A-Rod walked into town of skeptics like me. The only way he could win us over was to be as likable as Babe Ruth while immediately turning a last place team into a World Series champion.

Two problems: A-Rod was only as likable as the cancer that killed Babe Ruth. And Hicks’s ridiculous financial offer meant he low-balled other players — popular guys who actually enjoyed being in Texas.

A-Rod didn’t want to be here. It showed. The New York native and lifelong Mets fan sold himself to the highest bidder and regretted his decision as soon as his feet touched the hot, flat, humid North Texas ground.

He was a great player (hi steroids!) but he had the personality of a shrunken testicle.

And the Rangers stayed in last place.

Then he headed to New York. — not to follow his heart and play for his beloved Mets, of course, but to join the richer crosstown rival Yankees.

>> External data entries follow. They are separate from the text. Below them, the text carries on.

(* Let $N$ and $n$ be positive integers with $N \le n$, and let $\pi \in S_n$ be a permutation of $\{1,2,\dots,n\}$ such that every cycle of $\pi$ (in its disjoint cycle decomposition, fixed points counted as $1$-cycles) contains at most one element $i$ with $i > N$. Write the cycle type of $\pi$ as a partition $\lambda = (\lambda_1,\dots,\lambda_m,1,\dots,1) \vdash n$, where $\lambda_1 \ge \lambda_2 \ge \dots \ge \lambda_m > 1$ are the lengths of the cycles of $\pi$ of length greater than $1$, and the remaining parts equal to $1$ correspond to the fixed points of $\pi$. Then \[ \sum_{i=1}^{m} \lambda_i \le m + N. \]
   Context: In the paper's setting, $N$ is the number of keywords in a keyword query $q=\{k_1,\dots,k_N\}$ and $n=|V_D|$ is the size of the vocabulary of a relational database $D$ (the set of its relation names, attributes and attribute domains). A configuration of $q$ on $D$ (an injective map from keywords to database terms) is identified with a permutation $\pi\in S_{|V_D|}$ in which each cycle contains at most one element of value bigger than $N$; the claim concerns such permutations. The cycle type of a permutation is the partition of $n$ formed by the lengths of its cycles listed in weakly decreasing order. *)

From mathcomp Require Import all_boot all_order all_fingroup.
Set Implicit Arguments. Unset Strict Implicit. Unset Printing Implicit Defensive.

(* Elements of 'I_n are 0..n-1; the paper's element i (1-based) is the ordinal
   i-1, so "i > N" (1-based) becomes "N <= x" for x : 'I_n. *)
Definition nontrivial_cycles (n : nat) (s : 'S_n) : {set {set 'I_n}} :=
  [set C in porbits s | 1 < #|C|].

(* Each nontrivial cycle C has at most one point x >= N, so #|C| - 1 is at
   most the number of points of C below N.  The cycles are disjoint, so summing
   over them bounds the sum of the #|C| - 1 by the number of points below N. *)
From mathcomp Require Import all_boot all_order all_fingroup.

Set Implicit Arguments.
Unset Strict Implicit.
Unset Printing Implicit Defensive.

Lemma partition_porbits (T : finType) (s : {perm T}) :
  partition (porbits s) [set: T].
Proof.
have -> : porbits s = orbit 'P <[s]> @: [set: T].
  apply/setP => C; apply/imsetP/imsetP => -[x _ ->];
  by exists x; rewrite ?inE ?porbitE.
by apply: orbit_partition; apply/actsP => a _ x; rewrite !inE.
Qed.

Lemma card_ord_lt n N : N <= n -> #|[set x : 'I_n | x < N]| = N.
Proof.
move=> le_Nn; have widen_inj : injective (widen_ord le_Nn).
  by move=> x y /(congr1 val) eq_xy; apply: val_inj.
rewrite -[RHS]card_ord -(card_imset _ widen_inj).
apply: eq_card => x; rewrite inE; apply/idP/imsetP => [ltxN | [y _ ->]].
  by exists (Ordinal ltxN); last exact: val_inj.
exact: (ltn_ord y).
Qed.

Lemma sum_card_trivIset_le (T : finType) (P : {set {set T}}) (A : {set T}) :
  trivIset P -> {in P, forall C, #|C :\: A| <= 1} ->
  \sum_(C in P) #|C| <= #|P| + #|A|.
Proof.
move=> trivP outA_le1.
have -> : \sum_(C in P) #|C| =
          \sum_(C in P) #|C :\: A| + \sum_(C in P) #|C :&: A|.
  by rewrite -big_split; apply: eq_bigr => C _; rewrite /= addnC cardsID.
apply: leq_add; first by rewrite -sum1_card; exact: leq_sum.
have cardIE C : #|C :&: A| = \sum_(x in C) (x \in A).
  by rewrite -sum1dep_card -big_mkcondr.
rewrite (eq_bigr _ (fun C _ => cardIE C)) -big_trivIset //.
rewrite -big_mkcondr sum1dep_card.
by apply/subset_leq_card/subsetP => x; rewrite inE => /andP[].
Qed.

Theorem mainTheorem1 (N n : nat) (s : 'S_n) :
  0 < N -> 0 < n -> N <= n ->
  (forall C, C \in porbits s -> #|[set x in C | N <= nat_of_ord x]| <= 1) ->
  \sum_(C in nontrivial_cycles s) #|C| <= #|nontrivial_cycles s| + N.
Proof.
move=> _ _ le_Nn high_le1.
have sub_porbits : nontrivial_cycles s \subset porbits s.
  by apply/subsetP => C; rewrite inE => /andP[].
rewrite -(card_ord_lt le_Nn); apply: sum_card_trivIset_le.
  exact: trivIsetS sub_porbits (partition_trivIset (partition_porbits s)).
move=> C /(subsetP sub_porbits) /high_le1.
suff -> : C :\: [set x : 'I_n | x < N] = [set x in C | N <= x] by [].
by apply/setP => x; rewrite !inE -leqNgt andbC.
Qed.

Since then he’s been a false idol — great stats in the regular season, spectacular failures when it counts.

He’s dated models, strippers, and actresses that guys drool over, but loves himself most, such as when he posed for a magazine by kissing himself in a mirror.

KATE HUDSON: ONE OF THE PARADE OF HOTTIES LINKED TO A-ROD. (photo by T. Carrigan)

Now the Yankees have benched him because baseballs suddenly turns into BBs whenever Rodriguez straddles the plate come playoff time.

But back to the question posed in the headline — “Is  It Petty To Revel In A-Rod’s Downfall?”

Yes, it is petty to take glee in someone’s failures, particularly a guy who plays a silly game that is unimportant in the grand scheme of things.

So call me petty.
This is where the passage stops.